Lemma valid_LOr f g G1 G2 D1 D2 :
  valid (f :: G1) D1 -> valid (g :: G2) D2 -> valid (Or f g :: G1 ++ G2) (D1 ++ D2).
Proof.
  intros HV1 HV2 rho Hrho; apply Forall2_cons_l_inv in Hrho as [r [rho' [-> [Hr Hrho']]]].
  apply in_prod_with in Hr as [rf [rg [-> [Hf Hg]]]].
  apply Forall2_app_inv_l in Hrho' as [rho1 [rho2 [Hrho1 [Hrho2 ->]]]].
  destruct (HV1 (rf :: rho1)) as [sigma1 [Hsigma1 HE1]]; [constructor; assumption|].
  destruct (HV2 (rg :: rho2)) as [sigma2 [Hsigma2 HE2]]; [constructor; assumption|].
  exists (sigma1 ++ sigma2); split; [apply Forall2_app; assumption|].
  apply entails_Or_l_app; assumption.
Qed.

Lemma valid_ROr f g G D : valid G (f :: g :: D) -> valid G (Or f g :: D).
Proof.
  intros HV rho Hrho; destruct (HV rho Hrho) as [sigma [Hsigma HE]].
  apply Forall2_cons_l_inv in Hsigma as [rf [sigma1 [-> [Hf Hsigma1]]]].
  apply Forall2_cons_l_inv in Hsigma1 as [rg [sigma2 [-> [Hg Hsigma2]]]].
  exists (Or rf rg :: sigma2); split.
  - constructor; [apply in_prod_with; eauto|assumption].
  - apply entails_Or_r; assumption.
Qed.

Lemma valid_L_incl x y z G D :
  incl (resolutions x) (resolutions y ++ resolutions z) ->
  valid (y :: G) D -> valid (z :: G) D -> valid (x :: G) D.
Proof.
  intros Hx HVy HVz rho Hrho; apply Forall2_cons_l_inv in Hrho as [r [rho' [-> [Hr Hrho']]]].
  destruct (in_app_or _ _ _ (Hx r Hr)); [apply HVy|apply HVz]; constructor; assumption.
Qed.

--

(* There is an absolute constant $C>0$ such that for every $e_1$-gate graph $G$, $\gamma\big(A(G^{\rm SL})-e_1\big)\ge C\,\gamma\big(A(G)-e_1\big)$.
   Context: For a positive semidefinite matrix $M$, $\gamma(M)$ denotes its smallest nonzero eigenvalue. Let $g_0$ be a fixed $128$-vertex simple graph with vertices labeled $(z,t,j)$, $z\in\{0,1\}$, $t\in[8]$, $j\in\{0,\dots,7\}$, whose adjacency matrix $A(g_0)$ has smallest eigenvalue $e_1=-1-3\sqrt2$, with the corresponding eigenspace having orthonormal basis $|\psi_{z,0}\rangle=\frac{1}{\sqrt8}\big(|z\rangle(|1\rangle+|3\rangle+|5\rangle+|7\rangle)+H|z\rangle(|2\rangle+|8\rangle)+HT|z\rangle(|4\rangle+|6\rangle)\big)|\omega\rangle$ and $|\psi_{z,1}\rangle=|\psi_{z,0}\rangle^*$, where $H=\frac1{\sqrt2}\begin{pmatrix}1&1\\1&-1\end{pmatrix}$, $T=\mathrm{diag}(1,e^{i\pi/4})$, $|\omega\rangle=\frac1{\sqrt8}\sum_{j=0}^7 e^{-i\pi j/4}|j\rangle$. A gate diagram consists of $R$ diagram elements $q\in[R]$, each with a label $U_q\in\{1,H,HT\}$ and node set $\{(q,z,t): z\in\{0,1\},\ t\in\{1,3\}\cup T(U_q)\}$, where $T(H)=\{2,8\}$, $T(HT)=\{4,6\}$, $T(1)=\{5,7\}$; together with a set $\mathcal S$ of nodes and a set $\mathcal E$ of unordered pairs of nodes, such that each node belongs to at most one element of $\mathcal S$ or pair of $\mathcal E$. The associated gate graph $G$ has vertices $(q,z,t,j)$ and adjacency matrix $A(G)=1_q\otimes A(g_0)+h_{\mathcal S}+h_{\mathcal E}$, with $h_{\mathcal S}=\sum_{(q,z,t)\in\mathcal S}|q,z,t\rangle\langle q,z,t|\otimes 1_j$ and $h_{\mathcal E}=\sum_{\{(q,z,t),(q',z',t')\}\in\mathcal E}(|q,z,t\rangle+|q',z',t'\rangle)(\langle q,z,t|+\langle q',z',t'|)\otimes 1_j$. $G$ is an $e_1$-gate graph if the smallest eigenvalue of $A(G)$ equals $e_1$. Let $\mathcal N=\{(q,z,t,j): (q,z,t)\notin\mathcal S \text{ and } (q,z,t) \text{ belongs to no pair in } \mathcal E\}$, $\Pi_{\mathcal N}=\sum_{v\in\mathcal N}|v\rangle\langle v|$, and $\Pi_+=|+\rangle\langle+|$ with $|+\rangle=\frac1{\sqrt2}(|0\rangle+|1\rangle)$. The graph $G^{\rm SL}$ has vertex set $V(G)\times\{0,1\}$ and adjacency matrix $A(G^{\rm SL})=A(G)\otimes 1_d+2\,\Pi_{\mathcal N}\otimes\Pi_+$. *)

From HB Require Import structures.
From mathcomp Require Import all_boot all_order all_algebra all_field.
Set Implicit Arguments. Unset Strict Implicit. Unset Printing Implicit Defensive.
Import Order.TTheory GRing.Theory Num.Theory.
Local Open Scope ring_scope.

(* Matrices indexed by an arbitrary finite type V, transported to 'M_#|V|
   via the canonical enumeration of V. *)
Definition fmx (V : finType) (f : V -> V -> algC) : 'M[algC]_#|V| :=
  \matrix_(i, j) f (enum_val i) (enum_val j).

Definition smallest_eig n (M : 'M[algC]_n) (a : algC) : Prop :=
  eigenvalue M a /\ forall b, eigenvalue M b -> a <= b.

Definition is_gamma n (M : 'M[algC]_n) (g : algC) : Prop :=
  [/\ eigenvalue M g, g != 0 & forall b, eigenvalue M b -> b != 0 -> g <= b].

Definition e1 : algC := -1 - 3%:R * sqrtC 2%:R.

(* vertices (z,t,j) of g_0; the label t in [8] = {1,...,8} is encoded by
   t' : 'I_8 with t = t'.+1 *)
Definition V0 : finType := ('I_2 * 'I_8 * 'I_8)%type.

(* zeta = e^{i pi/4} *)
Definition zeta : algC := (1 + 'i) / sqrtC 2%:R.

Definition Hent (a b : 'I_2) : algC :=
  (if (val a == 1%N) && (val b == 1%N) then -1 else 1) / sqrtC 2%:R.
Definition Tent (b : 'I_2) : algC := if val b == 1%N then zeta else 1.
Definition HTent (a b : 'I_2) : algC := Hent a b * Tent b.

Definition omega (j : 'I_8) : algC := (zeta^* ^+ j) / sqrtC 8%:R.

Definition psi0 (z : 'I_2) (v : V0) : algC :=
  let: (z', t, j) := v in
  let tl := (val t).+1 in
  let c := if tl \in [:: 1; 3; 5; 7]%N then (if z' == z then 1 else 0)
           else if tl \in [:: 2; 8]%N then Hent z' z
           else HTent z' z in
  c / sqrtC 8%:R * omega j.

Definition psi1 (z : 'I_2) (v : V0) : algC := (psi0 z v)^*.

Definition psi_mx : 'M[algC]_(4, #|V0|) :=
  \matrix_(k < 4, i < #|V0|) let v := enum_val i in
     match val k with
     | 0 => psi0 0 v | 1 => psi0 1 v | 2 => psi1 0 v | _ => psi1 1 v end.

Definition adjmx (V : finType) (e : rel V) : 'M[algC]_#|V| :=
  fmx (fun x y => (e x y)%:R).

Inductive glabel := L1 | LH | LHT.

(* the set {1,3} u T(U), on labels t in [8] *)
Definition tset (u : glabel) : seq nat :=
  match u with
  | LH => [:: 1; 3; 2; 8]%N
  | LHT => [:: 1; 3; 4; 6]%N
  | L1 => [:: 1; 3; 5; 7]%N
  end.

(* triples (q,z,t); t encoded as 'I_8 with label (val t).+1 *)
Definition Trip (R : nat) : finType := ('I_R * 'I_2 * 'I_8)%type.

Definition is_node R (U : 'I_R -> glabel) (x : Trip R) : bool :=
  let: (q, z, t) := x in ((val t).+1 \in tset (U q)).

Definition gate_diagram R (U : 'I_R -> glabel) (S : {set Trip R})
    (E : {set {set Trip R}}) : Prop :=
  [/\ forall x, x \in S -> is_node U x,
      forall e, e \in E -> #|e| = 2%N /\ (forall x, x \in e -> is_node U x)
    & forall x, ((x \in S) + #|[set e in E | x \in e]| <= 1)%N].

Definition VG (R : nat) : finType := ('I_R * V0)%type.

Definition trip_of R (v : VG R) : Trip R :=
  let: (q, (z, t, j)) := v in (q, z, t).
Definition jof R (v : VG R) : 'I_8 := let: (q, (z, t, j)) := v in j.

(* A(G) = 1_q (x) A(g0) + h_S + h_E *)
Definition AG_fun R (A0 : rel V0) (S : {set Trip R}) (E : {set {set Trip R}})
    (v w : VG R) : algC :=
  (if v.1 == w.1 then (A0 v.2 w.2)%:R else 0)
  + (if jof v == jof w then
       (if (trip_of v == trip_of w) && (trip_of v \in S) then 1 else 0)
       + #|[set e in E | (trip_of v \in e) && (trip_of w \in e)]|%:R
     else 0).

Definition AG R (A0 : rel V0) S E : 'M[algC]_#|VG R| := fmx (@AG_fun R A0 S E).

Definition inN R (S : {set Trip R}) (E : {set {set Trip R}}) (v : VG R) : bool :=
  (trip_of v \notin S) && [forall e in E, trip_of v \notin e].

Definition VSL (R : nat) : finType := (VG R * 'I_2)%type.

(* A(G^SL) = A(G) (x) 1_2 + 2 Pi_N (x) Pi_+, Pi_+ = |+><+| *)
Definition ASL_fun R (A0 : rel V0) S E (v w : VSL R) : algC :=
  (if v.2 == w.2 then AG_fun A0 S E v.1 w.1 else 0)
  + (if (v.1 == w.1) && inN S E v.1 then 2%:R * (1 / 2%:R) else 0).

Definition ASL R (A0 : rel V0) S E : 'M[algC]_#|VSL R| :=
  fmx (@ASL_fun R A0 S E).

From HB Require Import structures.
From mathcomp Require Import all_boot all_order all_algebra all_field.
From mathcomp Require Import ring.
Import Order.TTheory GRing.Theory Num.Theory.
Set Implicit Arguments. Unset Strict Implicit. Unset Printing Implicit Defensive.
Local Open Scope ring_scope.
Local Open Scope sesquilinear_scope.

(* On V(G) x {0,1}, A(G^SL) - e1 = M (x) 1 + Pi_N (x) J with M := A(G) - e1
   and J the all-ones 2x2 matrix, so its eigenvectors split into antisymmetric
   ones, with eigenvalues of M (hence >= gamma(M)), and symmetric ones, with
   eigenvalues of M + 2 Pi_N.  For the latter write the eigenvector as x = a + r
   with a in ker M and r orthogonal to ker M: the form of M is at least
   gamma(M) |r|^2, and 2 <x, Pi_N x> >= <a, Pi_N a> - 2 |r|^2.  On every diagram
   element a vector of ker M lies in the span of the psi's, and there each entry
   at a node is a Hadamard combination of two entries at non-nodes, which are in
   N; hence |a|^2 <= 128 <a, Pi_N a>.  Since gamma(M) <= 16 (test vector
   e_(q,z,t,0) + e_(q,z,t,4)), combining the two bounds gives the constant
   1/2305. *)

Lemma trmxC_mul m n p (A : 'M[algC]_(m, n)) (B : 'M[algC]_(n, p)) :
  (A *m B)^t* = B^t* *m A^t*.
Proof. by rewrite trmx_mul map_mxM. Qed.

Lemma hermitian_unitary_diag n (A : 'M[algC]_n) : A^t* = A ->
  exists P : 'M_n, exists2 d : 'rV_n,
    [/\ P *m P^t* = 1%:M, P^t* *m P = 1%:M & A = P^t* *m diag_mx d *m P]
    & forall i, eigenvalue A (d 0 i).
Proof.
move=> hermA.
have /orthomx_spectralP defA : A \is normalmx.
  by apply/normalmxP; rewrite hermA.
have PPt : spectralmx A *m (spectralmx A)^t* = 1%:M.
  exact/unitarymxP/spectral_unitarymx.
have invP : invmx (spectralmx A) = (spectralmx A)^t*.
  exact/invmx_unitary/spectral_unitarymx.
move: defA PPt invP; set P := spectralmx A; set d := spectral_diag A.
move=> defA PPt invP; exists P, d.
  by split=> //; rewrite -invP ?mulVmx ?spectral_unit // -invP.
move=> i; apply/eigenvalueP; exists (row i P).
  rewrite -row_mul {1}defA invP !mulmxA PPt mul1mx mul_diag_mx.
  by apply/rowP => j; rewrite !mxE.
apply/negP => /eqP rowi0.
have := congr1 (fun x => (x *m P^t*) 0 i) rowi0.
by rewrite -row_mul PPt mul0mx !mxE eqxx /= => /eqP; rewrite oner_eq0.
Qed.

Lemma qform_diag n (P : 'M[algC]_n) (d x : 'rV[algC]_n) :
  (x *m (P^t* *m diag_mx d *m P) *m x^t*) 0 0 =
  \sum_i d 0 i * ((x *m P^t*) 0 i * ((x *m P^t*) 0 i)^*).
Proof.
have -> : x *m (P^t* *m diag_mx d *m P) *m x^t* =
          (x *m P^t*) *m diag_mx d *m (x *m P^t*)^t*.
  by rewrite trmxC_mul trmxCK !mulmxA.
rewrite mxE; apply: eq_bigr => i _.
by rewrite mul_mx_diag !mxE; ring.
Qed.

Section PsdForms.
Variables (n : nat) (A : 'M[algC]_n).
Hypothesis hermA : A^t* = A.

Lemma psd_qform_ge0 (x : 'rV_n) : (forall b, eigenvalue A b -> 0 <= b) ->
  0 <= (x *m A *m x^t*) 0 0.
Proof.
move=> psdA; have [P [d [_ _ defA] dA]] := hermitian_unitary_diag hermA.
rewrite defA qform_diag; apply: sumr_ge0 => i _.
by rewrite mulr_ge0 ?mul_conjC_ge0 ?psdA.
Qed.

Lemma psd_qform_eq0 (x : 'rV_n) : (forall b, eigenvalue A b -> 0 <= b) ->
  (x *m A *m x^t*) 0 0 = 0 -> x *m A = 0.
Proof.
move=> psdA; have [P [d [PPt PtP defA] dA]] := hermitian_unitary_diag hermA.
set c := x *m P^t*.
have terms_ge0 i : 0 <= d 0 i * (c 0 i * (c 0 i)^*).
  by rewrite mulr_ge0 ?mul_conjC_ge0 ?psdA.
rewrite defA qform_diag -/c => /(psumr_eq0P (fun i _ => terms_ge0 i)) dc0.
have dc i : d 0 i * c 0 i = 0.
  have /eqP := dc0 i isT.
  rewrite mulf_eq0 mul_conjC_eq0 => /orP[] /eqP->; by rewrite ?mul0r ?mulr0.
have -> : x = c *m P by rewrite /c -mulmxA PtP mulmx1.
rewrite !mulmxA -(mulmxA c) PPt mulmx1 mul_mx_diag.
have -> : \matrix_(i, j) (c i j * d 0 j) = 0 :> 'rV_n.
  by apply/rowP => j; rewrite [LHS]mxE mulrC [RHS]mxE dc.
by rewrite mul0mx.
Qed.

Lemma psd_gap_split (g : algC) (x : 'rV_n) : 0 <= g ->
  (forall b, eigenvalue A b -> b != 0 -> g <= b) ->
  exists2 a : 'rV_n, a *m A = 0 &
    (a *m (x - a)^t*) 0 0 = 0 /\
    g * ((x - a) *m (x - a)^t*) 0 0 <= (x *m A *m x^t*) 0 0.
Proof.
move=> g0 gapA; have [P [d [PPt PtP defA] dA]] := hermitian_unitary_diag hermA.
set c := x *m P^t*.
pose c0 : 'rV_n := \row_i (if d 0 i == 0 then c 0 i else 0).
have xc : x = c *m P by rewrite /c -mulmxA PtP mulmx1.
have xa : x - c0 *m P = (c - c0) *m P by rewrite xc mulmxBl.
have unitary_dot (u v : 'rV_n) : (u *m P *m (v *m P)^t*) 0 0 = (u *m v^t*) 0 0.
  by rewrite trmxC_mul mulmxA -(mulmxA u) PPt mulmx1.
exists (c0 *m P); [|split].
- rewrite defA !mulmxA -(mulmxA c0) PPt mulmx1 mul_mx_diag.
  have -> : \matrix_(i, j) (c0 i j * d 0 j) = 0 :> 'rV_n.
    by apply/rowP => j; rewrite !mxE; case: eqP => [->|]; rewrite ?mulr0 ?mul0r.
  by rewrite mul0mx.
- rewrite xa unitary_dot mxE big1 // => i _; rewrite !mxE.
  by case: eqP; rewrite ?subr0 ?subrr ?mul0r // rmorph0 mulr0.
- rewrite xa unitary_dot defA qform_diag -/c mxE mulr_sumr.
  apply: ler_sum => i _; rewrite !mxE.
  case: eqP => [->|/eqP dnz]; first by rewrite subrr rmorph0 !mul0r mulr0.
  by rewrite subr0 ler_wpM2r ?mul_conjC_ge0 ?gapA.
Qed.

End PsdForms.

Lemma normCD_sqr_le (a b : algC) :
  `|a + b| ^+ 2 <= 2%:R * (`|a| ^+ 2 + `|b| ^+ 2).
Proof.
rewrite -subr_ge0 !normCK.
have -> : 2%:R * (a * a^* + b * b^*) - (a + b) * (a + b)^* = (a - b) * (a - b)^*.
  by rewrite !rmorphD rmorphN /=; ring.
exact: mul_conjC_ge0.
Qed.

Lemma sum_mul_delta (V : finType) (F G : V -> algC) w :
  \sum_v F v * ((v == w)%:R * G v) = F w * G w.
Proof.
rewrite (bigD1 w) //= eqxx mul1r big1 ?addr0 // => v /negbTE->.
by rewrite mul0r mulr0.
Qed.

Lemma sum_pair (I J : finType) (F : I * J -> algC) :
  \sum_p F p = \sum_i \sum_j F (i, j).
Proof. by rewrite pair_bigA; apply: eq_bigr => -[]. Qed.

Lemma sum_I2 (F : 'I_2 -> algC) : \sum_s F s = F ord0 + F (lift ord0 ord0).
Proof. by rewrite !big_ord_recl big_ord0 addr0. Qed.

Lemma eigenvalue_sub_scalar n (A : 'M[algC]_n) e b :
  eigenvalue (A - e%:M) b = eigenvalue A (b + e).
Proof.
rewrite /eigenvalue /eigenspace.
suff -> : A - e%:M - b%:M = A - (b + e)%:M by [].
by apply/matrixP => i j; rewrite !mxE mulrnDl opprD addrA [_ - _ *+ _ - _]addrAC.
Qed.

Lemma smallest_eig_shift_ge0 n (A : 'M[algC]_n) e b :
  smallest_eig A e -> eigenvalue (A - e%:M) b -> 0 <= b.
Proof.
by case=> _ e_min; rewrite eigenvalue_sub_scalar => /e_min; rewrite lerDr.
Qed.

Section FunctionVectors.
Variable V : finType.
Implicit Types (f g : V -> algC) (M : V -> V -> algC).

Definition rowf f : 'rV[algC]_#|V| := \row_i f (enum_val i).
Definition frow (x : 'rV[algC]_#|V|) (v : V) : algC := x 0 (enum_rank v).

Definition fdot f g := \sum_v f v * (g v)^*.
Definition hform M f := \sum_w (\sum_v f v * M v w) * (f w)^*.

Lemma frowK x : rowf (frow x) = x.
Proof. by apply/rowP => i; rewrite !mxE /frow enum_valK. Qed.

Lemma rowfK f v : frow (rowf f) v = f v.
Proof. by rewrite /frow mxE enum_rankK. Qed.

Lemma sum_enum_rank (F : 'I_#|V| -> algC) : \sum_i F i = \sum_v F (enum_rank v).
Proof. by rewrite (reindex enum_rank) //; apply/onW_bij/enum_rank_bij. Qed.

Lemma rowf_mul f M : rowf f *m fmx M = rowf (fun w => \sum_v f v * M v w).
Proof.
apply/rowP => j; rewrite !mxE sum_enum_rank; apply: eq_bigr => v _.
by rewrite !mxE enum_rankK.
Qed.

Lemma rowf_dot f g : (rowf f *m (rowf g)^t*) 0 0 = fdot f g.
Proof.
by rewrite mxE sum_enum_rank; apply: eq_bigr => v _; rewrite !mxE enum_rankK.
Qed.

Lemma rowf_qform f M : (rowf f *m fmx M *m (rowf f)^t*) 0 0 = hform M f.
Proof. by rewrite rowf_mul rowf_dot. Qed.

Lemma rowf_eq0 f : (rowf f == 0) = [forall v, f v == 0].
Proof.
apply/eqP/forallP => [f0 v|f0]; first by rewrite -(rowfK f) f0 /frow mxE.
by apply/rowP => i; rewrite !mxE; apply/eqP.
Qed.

How to complete this task:
Could you reproduce exactly the lines of the entries above, from the one with "Lemma valid_LOr f" through the one with "destruct (HV1 (rf", and nothing else?

Response:
Lemma valid_LOr f g G1 G2 D1 D2 :
  valid (f :: G1) D1 -> valid (g :: G2) D2 -> valid (Or f g :: G1 ++ G2) (D1 ++ D2).
Proof.
  intros HV1 HV2 rho Hrho; apply Forall2_cons_l_inv in Hrho as [r [rho' [-> [Hr Hrho']]]].
  apply in_prod_with in Hr as [rf [rg [-> [Hf Hg]]]].
  apply Forall2_app_inv_l in Hrho' as [rho1 [rho2 [Hrho1 [Hrho2 ->]]]].
  destruct (HV1 (rf :: rho1)) as [sigma1 [Hsigma1 HE1]]; [constructor; assumption|].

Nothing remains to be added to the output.